In both species, the grouping can be explained based on phytophysiognomy variation. For Eg. annectans, the populations from EEC and MV that come from the same phytophysiognomy (seasonal semi-deciduous forest) are together in a group and PFBJ, EEJ, and EERP, which came from seasonal semi-deciduous forest with different contact level of Savana biome, form another group. APASJ, which is the only one that belongs to a different phytophysiognomy (montane dense ombrophilous forest), was alone. The dendrograms of morphological similarity, built based on Mahalanobis distance, corroborate the data shown in the scatterplot. For the dendrogram built by Procrustes distance, the grouping pattern was almost the same as in the dendrogram built with Mahalanobis distances. The only exception was EERP, which instead of being alone in one branch, was in the same group with EEC. Discriminant analysis showed a high rate of correct classification; but when we performed the cross-validation test, the rate of identification was somewhat lower, probably based on the high similarity of these samples, as we could see in previous analyses (Mahalanobis and Procrustes distance values).

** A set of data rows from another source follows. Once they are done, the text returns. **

Lemma sat_Xi_gP T S : compatible_g S -> T != set0 ->
  sat_g S (Xi_g x0 T) <-> ~~ preceq_g T S.
Proof.
move=> cS /set0Pn[p0 p0T]; rewrite sat_Xi_g //.
have T0 : 0 < #|classes T|.
  by rewrite card_gt0; apply/set0Pn; exists (approx_class p0); apply: imset_f.
split=> [[U1 [U2 [defS le unm]]] | npre].
  apply/negP => /preceqP pre.
  have TU1 : classes T \subset classes U1.
    apply/subsetP => _ /imsetP[p pT ->]; have [q qS pq] := pre p pT.
    move: qS; rewrite -defS => /setUP[qU1 | /unm/(_ p pT)/negP[]]; last exact: approx_sym.
    by apply/imsetP; exists q; [|apply/eq_approx_class].
  by have := leq_trans (subset_leq_card TU1) le; rewrite subn1 leqNgt ltn_predL T0.
have /exists_inP[p pT /forall_inP unmatched] :
    [exists p in T, [forall q in S, ~~ approx_pair p q]].
  apply: contraR npre; rewrite negb_exists_in => /forall_inP matched.
  apply/preceqP => p /matched; rewrite negb_forall_in => /exists_inP[q qS /negPn pq].
  by exists q.
set U1 := [set q in S | [exists r in T, approx_pair r q]].
exists U1, [set q in S | ~~ [exists r in T, approx_pair r q]]; split.
- by apply/setP => q; rewrite !inE -andb_orr orbN andbT.
- rewrite subn1 -ltnS (ltn_predK T0); apply: (card_classes_lt pT).
    apply/subsetP => _ /imsetP[q /setIdP[_ /exists_inP[r rT rq]] ->].
    by apply/imsetP; exists r; [|apply/eq_approx_class/approx_sym].
  by move=> q /setIdP[qS _]; apply: unmatched.
- move=> q /setIdP[_ nomatch] r rT; apply: contra nomatch => qr.
  by apply/exists_inP; exists r; [|apply: approx_sym].
Qed.

End CharacteristicFormulas.

Section CausalTeams.
Variables (V : finType) (Ran : V -> finType).
Local Notation asg := (asg Ran).
Local Notation system := (system Ran).
Implicit Types (S T : {set asg}) (F G : system).

Lemma mem_team_g T F (p : asg * system) : (p \in team_g T F) = (p.2 == F) && (p.1 \in T).
Proof.
apply/imsetP/andP => [[s sT ->] | [/eqP pF pT]]; first by rewrite eqxx.
by exists p.1; rewrite // -pF -surjective_pairing.
Qed.

Lemma team_g_sub T F (U : {set asg * system}) :
  U \subset team_g T F -> U = team_g [set s | (s, F) \in U] F.
Proof.
move=> /subsetP UT; apply/setP => p; rewrite mem_team_g inE.
apply/idP/andP => [pU | [/eqP <-]]; last by rewrite -surjective_pairing.
by have := UT p pU; rewrite mem_team_g => /andP[/eqP pF _]; rewrite -pF -surjective_pairing.
Qed.

Lemma team_g1 s F : team_g [set s] F = [set (s, F)].
Proof. exact: imset_set1. Qed.

Lemma sat_c_team_g phi F T : sat_c F T phi <-> sat_g (team_g T F) phi.
Proof.
elim: phi F T => [X x | X | phi IH | phi IHphi psi IHpsi | phi IHphi psi IHpsi | A phi IH]
  F T /=.
- split=> [sat p | sat s sT]; first by rewrite mem_team_g => /andP[_ /sat].
  by apply: (sat (s, F)); rewrite mem_team_g eqxx.
- split=> [sat p q | sat s s' sT s'T].
    by rewrite !mem_team_g => /andP[_ /sat] + /andP[_]; apply.
  by apply: (sat (s, F) (s', F)); rewrite mem_team_g eqxx.
- split=> [sat [s G] | sat s sT].
    by rewrite mem_team_g => /andP[/eqP/= -> /sat]; rewrite IH team_g1.
  by rewrite IH team_g1; apply: sat; rewrite mem_team_g eqxx.
- by rewrite IHphi IHpsi.
- split=> [[T1 [T2 [defT [sat1 sat2]]]] | [U1 [U2 [defU [sat1 sat2]]]]].
    by exists (team_g T1 F), (team_g T2 F); rewrite -IHphi -IHpsi /team_g -imsetU defT.
  have sub1 : U1 \subset team_g T F by rewrite -defU subsetUl.
  have sub2 : U2 \subset team_g T F by rewrite -defU subsetUr.
  rewrite (team_g_sub sub1) -IHphi in sat1; rewrite (team_g_sub sub2) -IHpsi in sat2.
  exists [set s | (s, F) \in U1], [set s | (s, F) \in U2]; split=> //.
  by apply/setP => s; rewrite !inE -in_setU defU mem_team_g eqxx.
- by rewrite IH /team_g -!imset_comp.
Qed.

Lemma preceq_c_team_g T S TF SF : T != set0 ->
  preceq_c (T, TF) (S, SF) = preceq_g (team_g T TF) (team_g S SF).
Proof.
move=> nT; apply/idP/preceqP => [/orP[/eqP/= T0 | /existsP[R /andP[RS]]] | matched].
- by rewrite T0 eqxx in nT.
- rewrite /approx_c /= => /andP[/andP[_ /eqP TR] TS] p.
  rewrite mem_team_g => /andP[/eqP pTF pT]; exists (p.1, SF).
    by rewrite mem_team_g eqxx (subsetP RS) // -TR.
  by rewrite /approx_pair eqxx pTF.
have [s0 s0T] := set0Pn _ nT.
have [q0 /[!mem_team_g] /andP[/eqP q0SF _] /andP[_ TS]] := matched _ (imset_f _ s0T).
apply/orP; right; apply/existsP; exists T.
rewrite /approx_c /= nT eqxx -q0SF TS !andbT; apply/subsetP => s sT.
have [q /[!mem_team_g] /andP[_ qS] /andP[/eqP/= -> _]] := matched _ (imset_f _ sT).
exact: qS.
Qed.

Lemma compatible_team_g T F : compatible_c F T = compatible_g (team_g T F).
Proof.
apply/forall_inP/forall_inP => [cT p | cT s sT]; last exact: (cT (s, F) (imset_f _ sT)).
by rewrite mem_team_g => /andP[/eqP-> /cT].
Qed.

End CausalTeams.

Theorem lemma5p5 (V : finType) (Ran : V -> finType) (X0 : V) (x0 : Ran X0)
  (HRan : forall X : V, 0 < #|Ran X|) :
  (* causal teams S = (S^-, SF), T = (T^-, TF), T nonempty *)
  (forall (SF TF : system Ran) (S T : {set asg Ran}),
      compatible_c SF S -> compatible_c TF T -> T != set0 ->
      (sat_c SF S (Xi_c x0 T TF) <-> ~~ preceq_c (T, TF) (S, SF)))
  /\
  (* generalized causal teams, T nonempty *)
  (forall S T : {set (asg Ran * system Ran)},
      compatible_g S -> compatible_g T -> T != set0 ->
      (sat_g S (Xi_g x0 T) <-> ~~ preceq_g T S)).
Proof.
split=> [SF TF S T cS _ nT | S T cS _ nT]; last exact: sat_Xi_gP.
rewrite sat_c_team_g preceq_c_team_g //; apply: sat_Xi_gP.
  by rewrite -compatible_team_g.
by rewrite /team_g imset_eq0.
Qed.
Lemma elem_equiv_E_refl (c : dom D) : rel D None [c; c].
Proof.
  set (refl := @Fneg (option S) (Fex 0 (Fneg (Fatom None [0; 0])))).
  assert (Hrefl : sentence_in (arE ar) (SigmaE ar T0 n) refl).
  { split; [simpl; auto|]. simpl. intros z [H1 [H2|[H2|[]]]]; congruence. }
  assert (HE : sat D (fun _ => c) refl).
  { apply (proj1 (HD Hrefl)). intros a [d Hd]. apply Hd. reflexivity. }
  apply NNPP; intro C. apply HE. now exists c.
Qed.

Lemma Eclass_sentence_component (c : dom D) p :
  sentence_in ar (Sigma' ar T0 n) p -> (forall R vs, In (R, vs) (atoms p) -> vs <> []) ->
  (forall b, sat (Eclass D c) b p) -> exists k (b : nat -> dom (A k)), sat (A k) b p.
Proof.
  intros [Hl Hc] Hne Hp.
  set (x := Datatypes.S (list_max (vars p))).
  assert (Hx : ~ In x (vars p)) by (intro H; apply list_max_ge in H; unfold x in H; lia).
  set (psi := Fex x (relativize x p)).
  assert (Hpsi : sentence_in (arE ar) (SigmaE ar T0 n) psi).
  { split; [exact (@in_lang_relativize S ar x _ p Hl)|].
    intros z [Hzx Hz]. apply free_relativize in Hz as [Hz|Hz]; [contradiction|exact (Hc z Hz)]. }
  assert (HDpsi : sat D (fun _ => c) psi).
  { exists c. apply (@sat_relativize_Eclass S D c x p Hx
                       (fun _ => exist _ c (elem_equiv_E_refl c))).
    - unfold upd. now rewrite Nat.eqb_refl.
    - intros z Hz. unfold upd. destruct (Nat.eqb_spec z x); [contradiction|reflexivity].
    - apply Hp. }
  destruct HK as [k0]. destruct (HA k0) as [y0].
  destruct (proj2 (HD Hpsi) (fun a => @sat_closed _ D psi _ a (proj2 Hpsi) HDpsi) (fun _ => existT _ k0 y0))
    as [[k y] Hky].
  exists k, (fun _ => y).
  apply (@sat_relativize_Ecomb S K A k x p Hx Hne _ (fun _ => existT _ k y)); auto.
  revert Hky. apply sat_agree. intros z Hz.
  apply free_relativize in Hz as [->|Hz]; [|destruct (Hc z Hz)].
  unfold upd. now rewrite Nat.eqb_refl.
Qed.
Theorem schroeder_bernstein :
  exists h : X -> Y, (forall a b, h a = h b -> a = b) /\ forall y, exists x, h x = y.
Proof.
  assert (Hh : forall x, exists y, (orbit_of_unreached x -> y = f x) /\
                              (~ orbit_of_unreached x -> g y = x)).
  { intro x; destruct (classic (orbit_of_unreached x)) as [Hx|Hx]; [exists (f x); tauto|].
    assert (Hy : exists y, g y = x).
    { apply NNPP; intro Hy; apply Hx; exists 0, x; split; [|reflexivity].
      intros y E; apply Hy; eauto. }
    destruct Hy as [y Hy]; exists y; tauto. }
  destruct (choice _ Hh) as [h Hspec]; exists h; split.
  - intros a b E.
    destruct (classic (orbit_of_unreached a)) as [Ha|Ha],
             (classic (orbit_of_unreached b)) as [Hb|Hb].
    + apply f_inj; rewrite <- (proj1 (Hspec a) Ha), <- (proj1 (Hspec b) Hb); exact E.
    + exfalso; apply Hb; rewrite <- (proj2 (Hspec b) Hb), <- E, (proj1 (Hspec a) Ha).
      apply orbit_step, Ha.
    + exfalso; apply Ha; rewrite <- (proj2 (Hspec a) Ha), E, (proj1 (Hspec b) Hb).
      apply orbit_step, Hb.
    + rewrite <- (proj2 (Hspec a) Ha), <- (proj2 (Hspec b) Hb), E; reflexivity.
  - intro y; destruct (classic (orbit_of_unreached (g y))) as [Hgy|Hgy].
    + destruct Hgy as [[|n] [x0 [H0 Hn]]]; [exfalso; exact (H0 y Hn)|].
      set (x := Nat.iter n (fun z => g (f z)) x0).
      assert (Hy : y = f x) by (apply g_inj; exact Hn).
      exists x; rewrite Hy; apply (proj1 (Hspec x)); exists n, x0; split; trivial.
    + exists (g y); apply g_inj, (proj2 (Hspec _) Hgy).
Qed.
End SchroederBernstein.

Section ClassesCardContinuum.
Variables (V : Type) (valid : V -> Prop) (equiv : V -> V -> Prop).
Hypothesis equiv_refl : forall r, valid r -> equiv r r.
Hypothesis equiv_sym : forall r r', equiv r r' -> equiv r' r.
Hypothesis equiv_trans : forall r1 r2 r3, valid r2 -> equiv r1 r2 -> equiv r2 r3 -> equiv r1 r3.

Let class (r : V) : V -> Prop := fun r' => valid r' /\ equiv r r'.

Let class_eq_iff r r' : valid r -> valid r' -> class r = class r' <-> equiv r r'.
Proof.
  intros Hr Hr'; split.
  - intro E; assert (H : class r' r') by (split; auto); rewrite <- E in H; apply H.
  - intro H; apply functional_extensionality; intro q.
    apply propositional_extensionality; split; intros [Hq Hq']; split; eauto.
Qed.

Let classes := {P : V -> Prop | exists r, valid r /\ P = class r}.

Let classes_eq (q q' : classes) : proj1_sig q = proj1_sig q' -> q = q'.
Proof.
  destruct q as [q pq], q' as [q' pq']; simpl; intros ->.
  f_equal; apply proof_irrelevance.
Qed.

As for Eg. truncata, the scatterplot built by CVA analysis showed a tendency of sample separation (based on axis 2), where the bees from APASJ were alone and all the other bees were partially superimposed. This aggrupation can be explained based on the same feature used to explain the Eg. annectans data. APASJ is the only site that belongs to montane dense ombrophilous forest, which grouped farther away than all the others, which share seasonal semi-deciduous forest phytophysiognomy. The dendrogram showed an aggrupation that had the same pattern observed in Eg. annectans, except for MV, which grouped with EEJ in the dendrogram built by Mahalanobis distance, and with PFBJ in the dendrogram built based on Procrustes distance. In both cases, the sampling locations share the same phytophysiognomy (seasonal semi-deciduous forest). Discriminant analysis and the cross-validation test showed a high rate of correct classifications in sample identification, similar to the large differences observed in the Mahalanobis and Procrustes distances between groups, compared to the Eg. annectans results.

When we analyzed the dendrograms of morphological similarity, built based on the Mahalanobis and Procrustes distances for all samples of the two species, we also found the same aggrupation pattern, and it followed the phytophysiognomy variation observed in the individual analysis. This aggrupation demonstrated an interesting pattern of environmental traceability, as also reported by Mendes et al. (2007) Francisco et al. (2008), Bischoff et al. (2009), and Francoy et al. (2011) for another bee species, who also used geometric morphometrics analysis of wings. A hypothesis to explain the grouping based on phytophysiognomy variation pattern is phenotypic plasticity, which is the capacity of a single genotype to express a range of phenotypes in response to environmental variation (Fordyce 2006). Phenotypic plasticity is common in insects and it is often highly adaptive (Whitman and Agrawal 2009).

Based on our data, forest fragmentation may not pose a problem for Eg. annectans and Eg. truncata based on an absence of population structure and similarity among the samples from the different sites. The tendency of samples to group by phytophysiognomy could be explained by phenotypic plasticity; according to Via et al. (1995), when environments within the range of a species differ, it may be unlikely that any single phenotype will confer high fitness in all situations. In this case, a change in a phenotype influenced by environment can result in increased environmental tolerance. Phenotypic plasticity could explain adaptation to heterogeneous environments.